17 Dec / Life Among the Terranauts by Caitlin Horrocks [in Shelf Awareness]
Almost a decade since her debut collection, This Is Not Your City, Caitlin Horrocks returns with Life Among the Terranauts. The majority of these 14 stories deliver a gut-punch reminder of the seeming unavoidability of loneliness and isolation, despite the promises of coupledom, familial bonds, and understood social contracts among various groups. Horrocks begins and ends with outwardly constructed worlds – a dilapidated shrinking town in the opening “The Sleep”; the manmade NovaTerra in the titular “Life Among the Terranauts” – which become constricting, even fatal, cages for the inhabitants. More and more citizens in “The Sleep” choose to hibernate rather than face the depressing reality of winter, while the six citizens carefully chosen to create “Life Among the Terranauts” realize too late they cannot fulfill their two-year residency contracts.
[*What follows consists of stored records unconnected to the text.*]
(* Let $k$ be a field and $f:R\to S$ a homomorphism of commutative $k$-algebras which maps an ideal $I$ of $R$ isomorphically onto an ideal of $S$ (also denoted $I$). Let $HH_0(R,S,I)$ denote the cokernel of the induced map $HH_1(R,I)\to HH_1(S,I)$. Then the map $S\otimes I+I\otimes S\to I\otimes_S\Omega_{S/R}$ given by $x\otimes r\mapsto x\otimes dr$ and $r\otimes x\mapsto -x\otimes dr$ ($x\in I$, $r\in S$) induces isomorphisms of $R$-modules $$HH_0(R,S,I)\cong I\otimes_S\Omega_{S/R}\cong(I/I^2)\otimes_{S/I}\Omega_{(S/I)/(R/I)}.$$
   Context: Tensor products without subscript are over $k$. For a commutative $k$-algebra $T$ and ideal $I$, $HH_1(T,I)$ is the quotient of $T\otimes I+I\otimes T\subseteq T\otimes T$ by the image of $T\otimes T\otimes I+T\otimes I\otimes T+I\otimes T\otimes T$ under $b(x\otimes y\otimes z)=xy\otimes z-x\otimes yz+zx\otimes y$; $f$ induces $HH_1(R,I)\to HH_1(S,I)$. $\Omega_{S/R}$ is the module of Kähler differentials of $S$ relative to $R$. *)

From HB Require Import structures.
From mathcomp Require Import all_boot all_order all_algebra.
From mathcomp Require Import freeg.

Set Implicit Arguments.
Unset Strict Implicit.
Unset Printing Implicit Defensive.

Import Order.TTheory GRing.Theory Num.Theory.
Local Open Scope ring_scope.

Definition zspan (M : zmodType) (X : M -> Prop) (m : M) : Prop :=
  exists l : seq (M * int),
    (forall p, p \in l -> X p.1) /\ m = \sum_(p <- l) p.1 *~ p.2.

Definition sum3 (M : zmodType) (X Y Z : M -> Prop) (m : M) : Prop :=
  exists a b c, X a /\ Y b /\ Z c /\ m = a + b + c.

Definition lspan (A : pzRingType) (V : lmodType A) (X : V -> Prop) (v : V) : Prop :=
  exists l : seq (V * A),
    (forall p, p \in l -> X p.1) /\ v = \sum_(p <- l) p.2 *: p.1.

Definition fgen (K : choiceType) (x : K) : {freeg K / int} := << x >>.

Definition fgext (K : choiceType) (M : zmodType) (g : K -> M)
  (u : {freeg K / int}) : M :=
  \sum_(x <- dom u) g x *~ coeff x u.

Definition gens_in (K : choiceType) (P : K -> Prop) (u : {freeg K / int}) :=
  forall x, x \in dom u -> P x.

(* Tensor product over A of the subquotient modules PV/NV and PW/NW    *)
(* (PV a submodule of the A-module V, NV a submodule of PV; similarly  *)
(* for W).  Its elements are represented by formal Z-linear            *)
(* combinations of pairs (v,w) with v in PV, w in PW (generators       *)
(* v (x) w), and two formal sums represent the same element iff their  *)
(* difference lies in the subgroup generated by the defining relations *)
(* of the tensor product (biadditivity, A-balancedness) together with  *)
(* n (x) w = 0 and v (x) n = 0 for n in NV resp. NW.                   *)
Definition tens_rel (A : pzRingType) (V W : lmodType A)
  (PV NV : V -> Prop) (PW NW : W -> Prop) : {freeg (V * W) / int} -> Prop :=
  zspan (fun t =>
     (exists v v' w, [/\ PV v, PV v', PW w &
         t = fgen (v + v', w) - fgen (v, w) - fgen (v', w)])
  \/ (exists v w w', [/\ PV v, PW w, PW w' &
         t = fgen (v, w + w') - fgen (v, w) - fgen (v, w')])
  \/ (exists a v w, [/\ PV v, PW w &
         t = fgen (a *: v, w) - fgen (v, a *: w)])
  \/ (exists n w, [/\ PV n, NV n, PW w & t = fgen (n, w)])
  \/ (exists v n, [/\ PV v, PW n, NW n & t = fgen (v, n)])).

Definition is_ideal (T : comPzRingType) (I : T -> Prop) : Prop :=
  [/\ I 0, (forall x y, I x -> I y -> I (x + y)) &
      (forall t x, I x -> I (t * x))].

Section HH.
Variables (k : fieldType) (T : comAlgType k) (I : T -> Prop).

(* T (x)_k T, elements = formal sums of pairs modulo tens_rel.         *)
Definition TT_rel : {freeg (T * T) / int} -> Prop :=
  tens_rel (V := T) (W := T) (fun _ => True) (fun _ => False)
           (fun _ => True) (fun _ => False).

(* Formal sums representing elements of T(x)I + I(x)T in T(x)T.        *)
Definition HHcycles (u : {freeg (T * T) / int}) : Prop :=
  exists v, zspan (fun t => exists x r, I x /\
                      (t = fgen (x, r) \/ t = fgen (r, x))) v
            /\ TT_rel (u - v).

(* Image under b of T(x)T(x)I + T(x)I(x)T + I(x)T(x)T, where
   b(x(x)y(x)z) = xy(x)z - x(x)yz + zx(x)y.                              *)
Definition HHbound : {freeg (T * T) / int} -> Prop :=
  zspan (fun t => exists x y z, (I x \/ I y \/ I z) /\
     t = fgen (x * y, z) - fgen (x, y * z) + fgen (z * x, y)).

(* HH_1(T,I) = HHcycles modulo (TT_rel + HHbound).                     *)
End HH.

Definition tmap (R S : choiceType) (f : R -> S) (u : {freeg (R * R) / int})
  : {freeg (S * S) / int} :=
  fgext (fun p => fgen (f p.1, f p.2)) u.

(* Kaehler differentials Omega_{S/R} (R-algebra structure via f): the
   free S-module on symbols ds (s in S), i.e. {freeg S / S}, modulo the
   S-submodule generated by d(s+t)-ds-dt, d(st)-s dt-t ds, d(f a).     *)
Definition dsym (S : comNzRingType) (s : S) : {freeg S / S} := << s >>.

Definition Omega_rel (S : comNzRingType) (Rim : S -> Prop)
  : {freeg S / S} -> Prop :=
  lspan (fun w =>
     (exists s t, w = dsym (s + t) - dsym s - dsym t)
  \/ (exists s t, w = dsym (s * t) - s *: dsym t - t *: dsym s)
  \/ (exists s, Rim s /\ w = dsym s)).

(* Omega_{(S/J)/(R/I)}, with S/J-objects represented by elements of S:
   the free S/J-module on symbols d(s mod J) is {freeg S / S} modulo
   coefficients in J and the identifications d(s) = d(s+y), y in J;
   then modulo the Kaehler relations (R/I acting through the image of f). *)
Definition Omega_quot_rel (S : comNzRingType) (Rim J : S -> Prop)
  : {freeg S / S} -> Prop :=
  lspan (fun w =>
     (exists y s, J y /\ w = y *: dsym s)
  \/ (exists y s, J y /\ w = dsym (s + y) - dsym s)
  \/ (exists s t, w = dsym (s + t) - dsym s - dsym t)
  \/ (exists s t, w = dsym (s * t) - s *: dsym t - t *: dsym s)
  \/ (exists s, Rim s /\ w = dsym s)).

Definition ideal_sq (S : comNzRingType) (J : S -> Prop) : S -> Prop :=
  zspan (fun s => exists y z, J y /\ J z /\ s = y * z).

(* The map  S(x)I + I(x)S --> I (x)_S Omega_{S/R},                      *)
(*   x(x)r |-> x(x)dr,   r(x)x |-> -x(x)dr   (x in I, r in S),          *)
(* defined on formal sums of tagged generators: (true,(x,r)) stands for *)
(* the generator x(x)r with x in I, (false,(r,x)) for r(x)x with x in I. *)
Section TheMap.
Variables (S : comNzRingType) (J : S -> Prop).

Definition tagged_valid (d : {freeg (bool * (S * S)) / int}) : Prop :=
  gens_in (fun g : bool * (S * S) => if g.1 then J g.2.1 else J g.2.2) d.

Definition tag_incl (d : {freeg (bool * (S * S)) / int}) : {freeg (S * S) / int} :=
  fgext (fun g : bool * (S * S) => fgen g.2) d.

Definition tag_phi (d : {freeg (bool * (S * S)) / int})
  : {freeg (S^o * {freeg S / S}) / int} :=
  fgext (fun g : bool * (S * S) =>
           if g.1 then fgen ((g.2.1 : S^o), dsym g.2.2)
           else - fgen ((g.2.2 : S^o), dsym g.2.1)) d.

Definition tag_act (s : S) (d : {freeg (bool * (S * S)) / int}) :=
  fgext (fun g : bool * (S * S) => fgen (g.1, (s * g.2.1, g.2.2))) d.

Definition tens_act (s : S) (t : {freeg (S^o * {freeg S / S}) / int}) :=
  fgext (fun p : S^o * {freeg S / S} => fgen ((s * p.1 : S^o), p.2)) t.
End TheMap.

(* Choose, by Zorn's lemma, a k-linear retraction p of S onto I.  Then
   psi (u (x) v) := p u (x) dv - p v (x) du extends the map to all of S (x) S; it is
   k-bilinear and antisymmetric, so its composite with the Hochschild boundary is
   cyclically symmetric and vanishes, as one may assume the first entry lies in I, where
   d and the S-action on Omega are killed by I.  It also vanishes on the image of R (x) R,
   since d kills f(R); hence the map descends to HH_0(R,S,I).  Conversely
   theta (x (x) sum_s c_s ds) := sum_s x c_s (x) s inverts it modulo the same relations:
   theta turns the Leibniz rule into a Hochschild boundary and d(f a) into the image of
   HH_1(R,I), while r (x) x + x (x) r is the boundary of 1 (x) r (x) x plus 1 (x) rx with
   rx in I.  Finally, as I lies in the image of R, the relations of I (x)_S Omega_{S/R}
   already kill I^2 (x) Omega and I.Omega, so they are those of
   (I/I^2) (x)_{S/I} Omega_{(S/I)/(R/I)}. *)

From HB Require Import structures.
From mathcomp Require Import all_boot all_order all_algebra.
From mathcomp Require Import freeg.
From mathcomp Require boolp classical_sets.
Import GRing.Theory.
Local Open Scope ring_scope.

Set Implicit Arguments.
Unset Strict Implicit.
Unset Printing Implicit Defensive.

#[warning="-postfix-notation-not-level-1"]
Reserved Notation "a ≡ b %[mod Q ]" (at level 70, b at next level,
  format "'[hv ' a '/'  ≡  b '/'  %[mod  Q ] ']'").

Definition subgroup (M : zmodType) (Q : M -> Prop) :=
  Q 0 /\ forall a b, Q a -> Q b -> Q (a - b).

Notation "a ≡ b %[mod Q ]" := (Q (a - b)) : ring_scope.

Section Subgroup.
Variables (M : zmodType) (Q : M -> Prop).
Hypothesis subQ : subgroup Q.

Lemma subgroup0 : Q 0. Proof. by case: subQ. Qed.

Lemma subgroupB a b : Q a -> Q b -> Q (a - b). Proof. by case: subQ => _; apply. Qed.

Lemma subgroupN a : Q a -> Q (- a).
Proof. by move=> Qa; rewrite -sub0r; apply: subgroupB => //; apply: subgroup0. Qed.

Lemma subgroupD a b : Q a -> Q b -> Q (a + b).
Proof. by move=> Qa Qb; rewrite -[b]opprK; apply/subgroupB/subgroupN. Qed.

Lemma subgroupMz a (n : int) : Q a -> Q (a *~ n).
Proof.
have QMn m : Q a -> Q (a *+ m).
  by move=> Qa; elim: m => [|m IH]; [exact: subgroup0 | rewrite mulrS; exact: subgroupD].
by case: n => n Qa; [exact: QMn | rewrite NegzE mulrNz; exact/subgroupN/QMn].
Qed.

Lemma subgroup_sum (T : Type) (r : seq T) (P : pred T) (F : T -> M) :
  (forall i, P i -> Q (F i)) -> Q (\sum_(i <- r | P i) F i).
Proof.
by move=> QF; elim/big_rec: _ => [|i x Pi Qx]; [exact: subgroup0 | exact: subgroupD (QF _ Pi) Qx].
Qed.

Lemma eqmod_eq a b : a = b -> a ≡ b %[mod Q].
Proof. by move=> ->; rewrite subrr; apply: subgroup0. Qed.

Lemma eqmod_sym a b : a ≡ b %[mod Q] -> b ≡ a %[mod Q].
Proof. by move=> Qab; rewrite -opprB; apply: subgroupN. Qed.

Lemma eqmod_trans b a c : a ≡ b %[mod Q] -> b ≡ c %[mod Q] -> a ≡ c %[mod Q].
Proof. by move=> Qab Qbc; rewrite -[a](subrK b) -addrA; apply: subgroupD. Qed.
Horrocks’s women are especially prone to solitary confinement, even while surrounded by others. In “Norwegian for Troll,” a midwestern woman living alone in an oversized, aging house is visited by distant “cousins” from Norway she never knew she had. A gay woman who has a proud affinity with her dead grandmother, who seemed to live openly with her lover, faces jarring truths in “Sun City.” A divorced, retired teacher recalls the threatening fourth grader who becomes a murderer nine years later in “Teacher.” A dying woman regrets key moments with her husband and daughter in “And Looked Down One as Far as I Could.” In “Murder Games,” a teen returning from her first date is forced by her tactless mother to relive the still-traumatic loss of her favorite childhood blanket. As a family travels “On the Oregon Trail,” the woman’s family members die one by one.
Bad decisions – knowing better, yet still acted upon – cause further estrangement: in “23 Months,” in which a woman new in town goes to a co-worker’s party and sleeps with a stranger under false pretenses; in “Better Not Tell You Now,” about a group of high school girl friends with uncertain futures; in “All Over with Fire,” about an American in the midst of a midlife-crisis affair in Prague; and in “Paradise Lodge,” featuring a Peruvian jungle tour group populated by relationship-challenged travelers.
While the collection might be filled with miscommunications and disconnects, Horrocks’s storytelling prowess shines, creating communities that draw in readers immediately, even as the inhabitants are on the verge of personal implosions. Horrocks writes with simple precision, her characters wholly convincing in all their flaws and insecurities. Life Among the Terranauts proves shrewd and rewarding.
Shelf Talker: These 14 stories by Caitlin Horrocks hauntingly explore a modern world populated by men and women who, despite communities of family, friends, and colleagues, ultimately remain alone.